# Help. Cat crying and licking behind



## Maya10 (May 5, 2006)

I can't find anything on this, please help!

Kota is male, about 9 years old. They told me 5 when I adpoted him last year, but the vet thinks that was way off so his age is an aproximation. (I'd love him if he were 100) For the past 4 months, he has been licking his genitalia often. In Feb, he came up to me, started crying and licked himself. The crying went on for 15 minutes while I pet him, then he calmed down. I had a cat with blockage in the past, and Kota had no tenderness when I pushed on his bladder so I did not take him to the emergency vet at 2 a.m.

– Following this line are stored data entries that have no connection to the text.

Theorem theorem1 (h alpha : R) (g : pt) :
  0 < h -> 0 <= alpha -> alpha < 1/4 -> on_ground g ->
  exists sp sq : pt,
    on_view h sp /\ on_view h sq /\ sp <> sq /\
    eps_rel_le alpha g (fun s => s = sp \/ s = sq) (on_view h)
      (sqrt ((1 + 2 * alpha) / (1 - 4 * alpha))).
Proof.
  intros Hh Ha0 Ha1 Hg. pose proof PI2_1.
  assert (HVW : sin (2 * alpha) < cos (2 * alpha))
    by (pose proof (cos_sub_sin_2a_ge alpha ltac:(lra)); nra).
  assert (HV1 : sin (2 * alpha) < 1) by (pose proof (COS_bound (2 * alpha)); lra).
  exists (fst g - h, h), (fst g + h, h).
  split; [reflexivity|]; split; [reflexivity|]; split.
  - intros E. apply (f_equal fst) in E. simpl in E. lra.
  - intros d Hd.
    pose proof (eps_view_ge h alpha g d Hh ltac:(lra) HV1 Hg Hd) as Hview.
    apply eps_le_mono with (d1 := 2 * h * sin (2 * alpha) / (cos (2 * alpha) - sin (2 * alpha))).
    + eapply Rle_trans; [apply pair_bound_le_view_bound; [assumption | lra] |].
      apply Rmult_le_compat_l; [apply sqrt_pos | assumption].
    + apply pair_eps_le; [assumption | lra | assumption | assumption].
Qed.
(* The images of the diagonal units split [1] into [m] orthogonal idempotents, which are
   pairwise conjugate and hence of equal rank. *)
Lemma dvdn_unital_mx_hom m N (theta : 'M[F]_m -> 'M[F]_N) : is_lin theta ->
  {morph theta : M M' / M *m M'} -> theta 1%:M = 1%:M -> (m %| N)%N.
Proof.
case: m theta => [|m] theta hlin hmul h1.
  case: N theta hlin hmul h1 => // N theta hlin _ h1.
  have : (1%:M : 'M[F]_N.+1) 0 0 = 0.
    by rewrite -h1 (_ : 1%:M = 0) ?(is_lin0 hlin) ?mxE //; apply/matrixP => [[]].
  by rewrite mxE eqxx => /eqP; rewrite oner_eq0.
pose P i := if (i < m.+1)%N then theta (delta_mx (inord i : 'I_m.+1) (inord i)) else 0.
have PP i : P i *m P i = P i.
  by rewrite /P; case: ifP => _; rewrite ?mulmx0 // -hmul mul_delta_mx.
have PQ i j : i != j -> P i *m P j = 0.
  move=> ij; rewrite /P; case: ifP => hi; case: ifP => hj; rewrite ?mulmx0 ?mul0mx //.
  rewrite -hmul mul_delta_mx_cond (_ : (_ == _) = false) ?(is_lin0 hlin) //.
  by apply/negbTE; apply: contra ij => /eqP/(congr1 val); rewrite /= !inordK // => ->.
have Psum : \sum_(i < m.+1) P i = 1%:M.
  rewrite -h1 (eq_bigr (fun i : 'I_m.+1 => theta (delta_mx i i))); last first.
    by move=> i _; rewrite /P ltn_ord inord_val.
  rewrite -(is_lin_sum hlin); congr theta; apply/matrixP => r s.
  rewrite summxE (bigD1 r) //= big1 => [|k kr]; last by rewrite mxE eq_sym (negbTE kr).
  by rewrite !mxE eqxx addr0 eq_sym.
have Prank i : (i < m.+1)%N -> \rank (P i) = \rank (P 0%N).
  have le_rank i' j : (i' < m.+1)%N -> (j < m.+1)%N -> (\rank (P i') <= \rank (P j))%N.
    move=> hi hj.
    have -> : P i' = theta (delta_mx (inord i') (inord j)) *m P j
                     *m theta (delta_mx (inord j) (inord i')).
      by rewrite /P hi hj -!hmul !mul_delta_mx.
    exact: leq_trans (mxrankM_maxl _ _) (mxrankM_maxr _ _).
  by move=> hi; apply/eqP; rewrite eqn_leq !le_rank.
have := mxrank_sum_orth_idem PP PQ m.+1; rewrite Psum mxrank1.
rewrite (eq_bigr (fun _ => \rank (P 0%N))) => [->|i _]; last exact: Prank.
by rewrite sum_nat_const card_ord dvdn_mulr.
Qed.

Lemma dvdn_matrix_embedding_sub (A : algType F) m N (phi : 'M[F]_m -> A) (psi : 'M[F]_N -> A) :
    matrix_embedding phi -> matrix_embedding psi -> (forall M, exists P, psi P = phi M) ->
  (m %| N)%N.
Proof.
move=> [_ plin pmul p1] [qinj qlin qmul q1] himg.
have ex M : exists P, psi P == phi M by have [P hP] := himg M; exists P; apply/eqP.
pose theta M := xchoose (ex M).
have psi_theta M : psi (theta M) = phi M by apply/eqP; exact: xchooseP (ex M).
apply: (@dvdn_unital_mx_hom m N theta).
- by move=> a M M'; apply: qinj; rewrite qlin !psi_theta plin.
- by move=> M M'; apply: qinj; rewrite qmul !psi_theta pmul.
- by apply: qinj; rewrite psi_theta p1 q1.
Qed.

(* The matrix units of a copy of M_d(F) lie in a single copy of M_(g k)(F),
   which then contains the whole copy. *)
Lemma dvdn_Dset_of_cover (A : algType F) (g : nat -> nat) :
    (forall s : seq A, exists k (psi : 'M[F]_(g k) -> A),
       matrix_embedding psi /\ forall x, x \in s -> exists M, psi M = x) ->
  forall d, Dset A d -> exists k, (d %| g k)%N.
Proof.
move=> cover d [phi emb]; have [_ phi_lin _ _] := emb.
have [k [psi [emb' himg]]] :=
  cover [seq phi (delta_mx ij.1 ij.2) | ij <- enum {: 'I_d * 'I_d}].
exists k; apply: (dvdn_matrix_embedding_sub emb emb') => M.
have [hsub _ _] := matrix_embedding_image_subalg emb'.
rewrite (is_lin_mx_expand phi_lin); apply: (subspace_sum hsub) => i.
apply: (subspace_sum hsub) => j; apply: (subspaceZ hsub); apply: himg.
have ij_enum : (i, j) \in enum {: 'I_d * 'I_d} by rewrite mem_enum.
exact: (map_f _ ij_enum).
Qed.

End MatrixDivisibility.

Lemma steinitz_lcm_two_inf (D : nat -> Prop) :
    (forall d, D d -> exists k, (d %| 2 ^ k)%N) -> (forall n, exists2 k, (n <= k)%N & D (2 ^ k)%N) ->
  is_steinitz_lcm D two_inf.
Proof.
move=> Ddvd Dpow; split=> [d /Ddvd [k dk] p p_pr|t ht p p_pr].
  rewrite /two_inf /steinitz_of_nat; case: eqP => [//|p2] /=.
  have := dvdn_leq_log p (expn_gt0 2 k) dk.
  by rewrite lognX (@logn_prime p 2) // (introF eqP p2) muln0.
rewrite /two_inf; case: eqP => [->|_]; last by case: (t p).
case t2: (t 2%N) => [y|] //=.
have [k yk /ht /(_ 2%N isT)] := Dpow y.+1.
by rewrite /steinitz_of_nat t2 /= pfactorK // => /(leq_trans yk); rewrite ltnn.
Qed.

Lemma closed_field_sqrt (F : closedFieldType) (a : F) : exists r, r ^+ 2 = a.
Proof.
have /closed_rootP [r] : size ('X^2 - a%:P : {poly F}) != 1%N by rewrite size_XnsubC.
by rewrite rootE !hornerE subr_eq0 => /eqP hr; exists r.
Qed.

Theorem theorem5 (F : closedFieldType) (V : lmodType F) (f : V -> F)
  (A : algType F) (iota : V -> A) :
  ~~ (2%N \in [pchar F]) ->
  infinite_dim V ->
  is_quadratic_form f -> nondegenerate_qf f ->
  is_clifford_algebra f iota ->
  locally_matrix A /\ is_steinitz_lcm (Dset A) two_inf.
Proof.
move=> char2 hinf hq hnd hcl.
have two_nz : (2%:R : F) != 0 by apply: contra char2 => h; rewrite inE /= h.
have cover := clifford_cover hq hinf hnd (@closed_field_sqrt F) two_nz hcl.
split; first by move=> s; have [k [phi hphi]] := cover s; exists (2 ^ k)%N, phi.
apply: steinitz_lcm_two_inf; first exact: (dvdn_Dset_of_cover (g := expn 2)).
move=> n; have [Q [hQ hn]] := exists_hyperbolic_size hq hinf hnd (@closed_field_sqrt F) two_nz n.
have [phi [emb _]] := hyperbolic_embedding hcl.1 hQ.
by exists (size Q) => //; exists phi.
Qed.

The next day, I took him to my reg vet and she did all sorts of tests on his urine that came back fine. She said his penis did not look irritated either. Since then, he's been licking a lot, but tonight he came up to me crying again and walking a little bow-legged, too. I pet him, he calmed down and he's chasing his "sister" around now, so all is well.

What is causing this? Here's other facts about Kota:
He has had no change in his eating and drinking habbits.
He does not have a hard time urinating
He eats mostly dry food, sometimes a can of wet if he and his sister are good.  
He get a few treats each day
He has had no change in behavior
When he is licking himself, his penis is visible

Overall, he's the same sweet cat I adopted a year ago, but what is with this licking and crying?! I want to help him. I'm going to the vet next week for Kota's annual shots and I'd like to have some ideas to tell her.


----------



## threecats (Jan 8, 2004)

It could be an anal sac problem. Do check with the vet and get it drained.

Is he running and rubbing his bum on the ground? If he is, it is most certainly his anal sac giving him trouble.

It is most uncomfortable for the cat. Our Boy had it twice. Poor fella.


----------



## zippy96444 (Mar 7, 2006)

I take it he is neutered then if he was adopted? Does he ever stink near his bottom? Can you smell a foul odor? If so it is probably his anal glands. They can be infected or impacted. Let the vet in on this.


----------



## Maya10 (May 5, 2006)

He's nuetered. Sometimes I can smell a faint odor on him, near his behind. I always thought it was because he wasn't as into giving himself baths as much as my other cat. I can't smell this all the time, just every once in awhile and it's not strong at all.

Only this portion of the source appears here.